設定対象 | イベント | アクション |
---|---|---|
コンテナ | ページ読み込み時 | reset |
詳細・合計入力 → Quantity の数値入力 | 入力値変更時 | calc subTotal |
詳細・合計入力 → Quantity の数値入力 | 入力値変更中 | calc subTotal |
詳細・合計入力 → Price の数値入力 | 入力値変更時 | calc subTotal |
詳細・合計入力 → Price の数値入力 | 入力値変更中 | calc subTotal |
送信ボタン → ボタン | クリック時 | issue invoice |
デザイナの「上書き保存」アイコンをクリックして、保存します。
3-5. ルーティング定義を作成する
前項で作成した IM-BloomMaker の画面を呼び出せるようにするため、ルーティング定義を作成します。
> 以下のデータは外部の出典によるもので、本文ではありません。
(* Let $G:\mathbb{R}^{d_x}\to\mathbb{R}$ be $\mu_x$-strongly convex and $L_x$-smooth, $F:\mathbb{R}^{d_y}\to\mathbb{R}\cup\{+\infty\}$ proper closed convex with conjugate $F^\star$, $K:\mathbb{R}^{d_x}\to\mathbb{R}^{d_y}$ linear, and $(x^\star,y^\star)$ a solution of $\min_x\max_y\{G(x)+\langle y,Kx\rangle-F^\star(y)\}$. Choose any $\eta_x,\eta_y>0$ (and any $\beta_y>0$, $\theta\in[0,1]$). Then the iterates of APDA satisfy, for all $k\ge0$, $(1+\mu_x\eta_x)\frac{1}{\eta_x}\|x^{k+1}-x^\star\|^2\le\frac{1}{\eta_x}\|x^k-x^\star\|^2-\frac{1}{\eta_x}\|x^{k+1}-x^k\|^2-2\langle K^\top\bar y^k-K^\top y^\star,x^{k+1}-x^\star\rangle-\frac{1}{L_x}\|\nabla G(x^{k+1})-\nabla G(x^\star)\|^2.$
   Context: $\mu_x$-strong convexity: $G(x')-G(x'')-\langle\nabla G(x''),x'-x''\rangle\ge\frac{\mu_x}{2}\|x'-x''\|^2$; $L_x$-smoothness: $\|\nabla G(x')-\nabla G(x'')\|\le L_x\|x'-x''\|$. A solution satisfies $\nabla G(x^\star)+K^\top y^\star=0$ and $0\in\partial F^\star(y^\star)-Kx^\star$. APDA: given $(x^0,y^0)$, $\bar y^0=y^0$, stepsizes $\eta_x,\eta_y,\beta_y>0$, $\theta\in[0,1]$, for $k=0,1,\dots$: $x^{k+1}$ satisfies $x^{k+1}=x^k-\eta_x(\nabla G(x^{k+1})+K^\top\bar y^k)$; $y^{k+1}=y^k-\eta_y(g^{k+1}-Kx^{k+1})-\eta_y\beta_yK(K^\top y^k+\nabla G(x^{k+1}))$ with $g^{k+1}\in\partial F^\star(y^{k+1})$ (a proximal step on $F^\star$); $\bar y^{k+1}=y^{k+1}+\theta(y^{k+1}-y^k)$. *)

From HB Require Import structures.
From mathcomp Require Import all_boot all_order all_algebra.
From mathcomp Require Import all_classical all_reals all_analysis.
Set Implicit Arguments. Unset Strict Implicit. Unset Printing Implicit Defensive.
Import Order.TTheory GRing.Theory Num.Theory.
Import numFieldNormedType.Exports.
Local Open Scope ring_scope.
Local Open Scope classical_set_scope.

Definition dotv (R : realType) (n : nat) (u v : 'cV[R]_n) : R := (u^T *m v) 0 0.
Definition sqnorm (R : realType) (n : nat) (u : 'cV[R]_n) : R := dotv u u.
Definition enorm (R : realType) (n : nat) (u : 'cV[R]_n) : R := Num.sqrt (sqnorm u).

Definition is_gradient (R : realType) (n : nat) (G : 'cV[R]_n -> R)
  (gradG : 'cV[R]_n -> 'cV[R]_n) : Prop :=
  forall x v : 'cV[R]_n,
    is_derive (0 : R) (1 : R) (fun t : R => G (x + t *: v)) (dotv (gradG x) v).

Definition strongly_convex (R : realType) (n : nat) (mu : R) (G : 'cV[R]_n -> R)
  (gradG : 'cV[R]_n -> 'cV[R]_n) : Prop :=
  forall x1 x2, G x1 - G x2 - dotv (gradG x2) (x1 - x2) >= mu / 2 * sqnorm (x1 - x2).

Definition smooth (R : realType) (n : nat) (L : R)
  (gradG : 'cV[R]_n -> 'cV[R]_n) : Prop :=
  forall x1 x2, enorm (gradG x1 - gradG x2) <= L * enorm (x1 - x2).

Definition proper_fun (R : realType) (n : nat) (F : 'cV[R]_n -> \bar R) : Prop :=
  (forall y, F y != -oo%E) /\ (exists y, F y != +oo%E).

(* closed = the epigraph is closed (equivalently F is lower semicontinuous) *)
Definition closed_fun (R : realType) (n : nat) (F : 'cV[R]_n -> \bar R) : Prop :=
  closed [set p : 'cV[R]_n * R | (F p.1 <= p.2%:E)%E].

(* convex = the epigraph is convex *)
Definition convex_fun (R : realType) (n : nat) (F : 'cV[R]_n -> \bar R) : Prop :=
  forall (a b : 'cV[R]_n) (ra rb t : R), (F a <= ra%:E)%E -> (F b <= rb%:E)%E ->
    0 <= t <= 1 -> (F (t *: a + (1 - t) *: b)%R <= (t * ra + (1 - t) * rb)%R%:E)%E.

Definition fconj (R : realType) (n : nat) (F : 'cV[R]_n -> \bar R) (y : 'cV[R]_n)
  : \bar R := ereal_sup [set ((dotv y x)%:E - F x)%E | x in [set: 'cV[R]_n]].

Definition subgrad (R : realType) (n : nat) (f : 'cV[R]_n -> \bar R)
  (y g : 'cV[R]_n) : Prop :=
  f y \is a fin_num /\ forall z, (f y + (dotv g (z - y))%:E <= f z)%E.

(* The x-update is an implicit gradient step x^{k+1} = x^k - eta w with
   w = gradG x^{k+1} + K^T ybar^k, and K^T ys = - gradG xs.  Expanding
   |x^k - xs|^2 around x^{k+1} therefore reduces the claim to
     mu |a - xs|^2 + 1/L |gradG a - gradG xs|^2 <= 2 <gradG a - gradG xs, a - xs>
   for a = x^{k+1}, which is the sum of the strong monotonicity and the
   cocoercivity of the gradient of a strongly convex L-smooth function; the
   latter follows from the descent lemma. *)

From HB Require Import structures.
From mathcomp Require Import all_boot all_order all_algebra.
From mathcomp Require Import all_classical all_reals all_analysis.
From mathcomp Require Import ring lra.
Import Order.TTheory GRing.Theory Num.Theory.
Import numFieldNormedType.Exports.
Local Open Scope classical_set_scope.
Local Open Scope ring_scope.

Section Euclidean.
Context {R : realType} {n : nat}.
Implicit Types (u v w : 'cV[R]_n) (a : R).

Lemma dotvE u v : dotv u v = \sum_i u i 0 * v i 0.
Proof. by rewrite /dotv !mxE; apply: eq_bigr => i _; rewrite !mxE. Qed.

Lemma dotvC u v : dotv u v = dotv v u.
Proof. by rewrite !dotvE; apply: eq_bigr => i _; rewrite mulrC. Qed.

Lemma dotvDl u v w : dotv (u + v) w = dotv u w + dotv v w.
Proof. by rewrite !dotvE -big_split; apply: eq_bigr => i _; rewrite mxE mulrDl. Qed.

Lemma dotvZl a u v : dotv (a *: u) v = a * dotv u v.
Proof. by rewrite !dotvE mulr_sumr; apply: eq_bigr => i _; rewrite mxE mulrA. Qed.

Lemma dotvNl u v : dotv (- u) v = - dotv u v.
Proof. by rewrite -scaleN1r dotvZl mulN1r. Qed.

Lemma dotvBl u v w : dotv (u - v) w = dotv u w - dotv v w.
Proof. by rewrite dotvDl dotvNl. Qed.

Lemma dotvDr u v w : dotv u (v + w) = dotv u v + dotv u w.
Proof. by rewrite dotvC dotvDl !(dotvC _ u). Qed.

Lemma dotvZr a u v : dotv u (a *: v) = a * dotv u v.
Proof. by rewrite dotvC dotvZl dotvC. Qed.

Lemma dotvNr u v : dotv u (- v) = - dotv u v.
Proof. by rewrite -scaleN1r dotvZr mulN1r. Qed.

Lemma sqnorm_ge0 u : 0 <= sqnorm u.
Proof. by rewrite /sqnorm dotvE; apply: sumr_ge0 => i _; rewrite -expr2 sqr_ge0. Qed.

Lemma sqr_enorm u : enorm u ^+ 2 = sqnorm u.
Proof. by rewrite /enorm sqr_sqrtr // sqnorm_ge0. Qed.

Lemma sqnormZ a u : sqnorm (a *: u) = a ^+ 2 * sqnorm u.
Proof. by rewrite /sqnorm dotvZl dotvZr mulrA expr2. Qed.

Lemma sqnormN u : sqnorm (- u) = sqnorm u.
Proof. by rewrite -scaleN1r sqnormZ sqrrN expr1n mul1r. Qed.

Lemma sqnormDZ u v a :
  sqnorm (u + a *: v) = sqnorm u + 2 * a * dotv u v + a ^+ 2 * sqnorm v.
Proof.
by rewrite /sqnorm dotvDl !dotvDr !dotvZl !dotvZr (dotvC v u); ring.
Qed.

Lemma dotv_le_sqnorm {r} u v :
  0 < r -> sqnorm u <= r ^+ 2 * sqnorm v -> dotv u v <= r * sqnorm v.
Proof.
move=> r_gt0 huv; have := sqnorm_ge0 (u + (- r) *: v).
rewrite sqnormDZ sqrrN => h.
rewrite -(ler_pM2l r_gt0); nra.
Qed.

Lemma sqnorm_implicit_step {eta u v w} p : 0 < eta -> u = v - eta *: w ->
  eta^-1 * sqnorm (v - p) - eta^-1 * sqnorm (u - v) - 2 * dotv w (u - p)
  = eta^-1 * sqnorm (u - p).
Proof.
move=> eta_gt0 ->.
have -> : v - p = v - eta *: w - p + eta *: w by rewrite addrAC subrK.
have -> : v - eta *: w - v = (- eta) *: w by rewrite addrAC subrr add0r scaleNr.
rewrite sqnormDZ sqnormZ sqrrN (dotvC _ w); field.
exact: lt0r_neq0.
Qed.

End Euclidean.

Section SmoothConvex.
Context {R : realType} {n : nat} {G : 'cV[R]_n -> R} {gradG : 'cV[R]_n -> 'cV[R]_n}.
Implicit Types (a b x v : 'cV[R]_n) (mu L : R).

Lemma is_derive_line x v (t : R) : is_gradient G gradG ->
  is_derive t 1 (fun s => G (x + s *: v)) (dotv (gradG (x + t *: v)) v).
Proof.
move=> hg.
have -> : (fun s => G (x + s *: v)) = (fun s => G (x + t *: v + s *: v)) \o shift (- t).
  by apply/funext => s /=; rewrite scalerDl scaleNr addrACA subrr addr0.
rewrite -[dotv _ _]mulr1; apply: is_derive1_comp; last exact: is_derive_shift.
by rewrite /= subrr; exact: hg.
Qed.

Lemma smooth_sqnorm {L} a b : smooth L gradG ->
  sqnorm (gradG a - gradG b) <= L ^+ 2 * sqnorm (a - b).
Proof.
move=> hs; rewrite -!sqr_enorm -exprMn.
have hab := hs a b; have en_ge0 := sqrtr_ge0 (sqnorm (gradG a - gradG b)).
by rewrite lerXn2r // nnegrE // (le_trans en_ge0 hab).
Qed.

(* Apply the mean value theorem to [G (x + t v)] minus the claimed quadratic bound. *)
Lemma smooth_descent {L} x v : 0 < L -> is_gradient G gradG -> smooth L gradG ->
  G (x + v) <= G x + dotv (gradG x) v + L / 2 * sqnorm v.
Proof.
move=> L_gt0 hg hs.
pose c1 := dotv (gradG x) v; pose c2 := L / 2 * sqnorm v.
pose h (t : R) := G (x + t *: v) - t * c1 - c2 * (t * t).
have dh (t : R) : is_derive t 1 h (dotv (gradG (x + t *: v)) v - c1 - c2 * (t + t)).
  have := is_derive_line x v t hg => ?; apply: is_derive_eq.
  by rewrite scaler0 add0r /GRing.scale /= !mulr1.
have hc : {within `[0, 1], continuous h}.
  by apply: derivable_within_continuous => t _; case: (dh t).
have [c] := MVT ltr01 (fun t _ => dh t) hc.
rewrite in_itv /= subr0 mulr1 => /andP[c_gt0 _] Eh.
have grad_inc : dotv (gradG (x + c *: v) - gradG x) v <= L * c * sqnorm v.
  apply: dotv_le_sqnorm; first exact: mulr_gt0.
  have := smooth_sqnorm (x + c *: v) x hs.
  by rewrite addrAC subrr add0r sqnormZ exprMn mulrA.
rewrite dotvBl in grad_inc.
have : h 1 - h 0 <= 0 by rewrite Eh /c2 /c1; nra.
by rewrite /h scale1r scale0r addr0 /c1 /c2; lra.
Qed.

Lemma strongly_convexW {mu mu'} : mu' <= mu ->
  strongly_convex mu G gradG -> strongly_convex mu' G gradG.
Proof.
move=> le_mu hsc a b; apply: le_trans (hsc a b).
by rewrite ler_wpM2r ?sqnorm_ge0 // ler_pM2r.
Qed.

(* Descend from [a] along [- (gradG a - gradG b) / L] and compare with the
   convexity bound at [b]. *)
Lemma smooth_convex_lower_bound {L} a b :
  0 < L -> is_gradient G gradG -> strongly_convex 0 G gradG -> smooth L gradG ->
  G b + dotv (gradG b) (a - b) + (2 * L)^-1 * sqnorm (gradG a - gradG b) <= G a.
Proof.
move=> L_gt0 hg hsc hs.
set d := gradG a - gradG b.
have descent := smooth_descent a (- L^-1 *: d) L_gt0 hg hs.
have convex := hsc (a + - L^-1 *: d) b.
rewrite !mul0r [a + _ - b]addrAC dotvDr dotvZr in convex.
rewrite dotvZr sqnormZ sqrrN in descent.
have Ed : L^-1 * dotv (gradG a) d - L^-1 * dotv (gradG b) d = L^-1 * sqnorm d.
  by rewrite -mulrBr -dotvBl.
have EL : L / 2 * (L^-1 ^+ 2 * sqnorm d) = (2 * L)^-1 * sqnorm d.
  by field; exact: lt0r_neq0.
have EL' : L^-1 * sqnorm d = 2 * ((2 * L)^-1 * sqnorm d).
  by field; exact: lt0r_neq0.
lra.
Qed.

Lemma strongly_convex_grad_monotone {mu} a b : strongly_convex mu G gradG ->
  mu * sqnorm (a - b) <= dotv (gradG a - gradG b) (a - b).
Proof.
move=> hsc; have hab := hsc a b; have hba := hsc b a.
rewrite -opprB sqnormN dotvNr in hba; rewrite dotvBl; lra.
Qed.

Lemma smooth_convex_grad_cocoercive {L} a b :
  0 < L -> is_gradient G gradG -> strongly_convex 0 G gradG -> smooth L gradG ->
  L^-1 * sqnorm (gradG a - gradG b) <= dotv (gradG a - gradG b) (a - b).
Proof.
move=> L_gt0 hg hsc hs.
have hab := smooth_convex_lower_bound a b L_gt0 hg hsc hs.
have hba := smooth_convex_lower_bound b a L_gt0 hg hsc hs.
rewrite -(opprB a) -(opprB (gradG a)) sqnormN dotvNr in hba.
have EL : L^-1 = 2 * (2 * L)^-1 by field; exact: lt0r_neq0.
rewrite EL dotvBl; lra.
Qed.

End SmoothConvex.

Theorem lemma6 (R : realType) (dx dy : nat)
  (G : 'cV[R]_dx -> R) (gradG : 'cV[R]_dx -> 'cV[R]_dx) (mux Lx : R)
  (F : 'cV[R]_dy -> \bar R) (K : 'M[R]_(dy, dx))
  (xs : 'cV[R]_dx) (ys : 'cV[R]_dy)
  (etax etay betay theta : R)
  (x : nat -> 'cV[R]_dx) (y ybar g : nat -> 'cV[R]_dy) :
  0 < mux -> 0 < Lx ->
  is_gradient G gradG -> strongly_convex mux G gradG -> smooth Lx gradG ->
  proper_fun F -> closed_fun F -> convex_fun F ->
  (* (xs, ys) is a saddle point / solution *)
  gradG xs + K^T *m ys = 0 ->
  subgrad (fconj F) ys (K *m xs) ->
  0 < etax -> 0 < etay -> 0 < betay -> 0 <= theta <= 1 ->
  (* APDA iterates *)
  ybar 0%N = y 0%N ->
  (forall k : nat, x k.+1 = x k - etax *: (gradG (x k.+1) + K^T *m ybar k)) ->
  (forall k : nat, subgrad (fconj F) (y k.+1) (g k.+1)) ->
  (forall k : nat, y k.+1 = y k - etay *: (g k.+1 - K *m x k.+1)
                        - (etay * betay) *: (K *m (K^T *m y k + gradG (x k.+1)))) ->
  (forall k : nat, ybar k.+1 = y k.+1 + theta *: (y k.+1 - y k)) ->
  forall k : nat,
    (1 + mux * etax) * (1 / etax) * sqnorm (x k.+1 - xs)
    <= (1 / etax) * sqnorm (x k - xs) - (1 / etax) * sqnorm (x k.+1 - x k)
       - 2 * dotv (K^T *m ybar k - K^T *m ys) (x k.+1 - xs)
       - (1 / Lx) * sqnorm (gradG (x k.+1) - gradG xs).
Proof.
move=> mux_gt0 Lx_gt0 hg hsc hs _ _ _ saddle _ etax_gt0 _ _ _ _ step_x _ _ _ k.
have Kys : K^T *m ys = - gradG xs by apply/eqP; rewrite -addr_eq0 addrC saddle.
set a := x k.+1; set w := gradG a + K^T *m ybar k; set d := gradG a - gradG xs.
have -> : K^T *m ybar k - K^T *m ys = w - d.
  by rewrite Kys opprK /w /d opprB addrA addrAC (addrC (gradG a)) addrK.
have step := sqnorm_implicit_step xs etax_gt0 (step_x k).
have mono := strongly_convex_grad_monotone a xs hsc.
have convex := strongly_convexW (ltW mux_gt0) hsc.
have coco := smooth_convex_grad_cocoercive a xs Lx_gt0 hg convex hs.
have -> : (1 + mux * etax) * (1 / etax) = etax^-1 + mux.
  by field; exact: lt0r_neq0.
rewrite !div1r dotvBl; rewrite -/a -/d in step mono coco; lra.
Qed.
「サイトマップ」→「BloomMaker」→「ルーティング定義一覧」をクリックして、「IM-BloomMaker ルーティング定義一覧」画面を開きます。
「ルーティング新規作成」をクリックして、以下の情報を入力し「登録」ボタンをクリックします。
カテゴリID | (任意のカテゴリ) |
ルーティングID | im_cookbook_181265 |
コンテンツ | im_cookbook_181265 |
コンテンツバージョン | 最新バージョンを利用する |
メソッド | GET |
URL | /imart/im_cookbook/181265 |
ルーティング名 | im_cookbook_181265 |
登録後、認可を設定します。
今回は動作テストのため、「テナント管理者」に認可を設定します。
プレビュー
以下のURLにアクセスして、請求書入力画面を表示してください。
http://localhost:8080/imart/im_cookbook/181265
入力フォームに内容を入力して、小計・合計が正しく計算されることを確認してください。
「Issue」ボタンをクリックして、請求書がダウンロードされることを確認してください。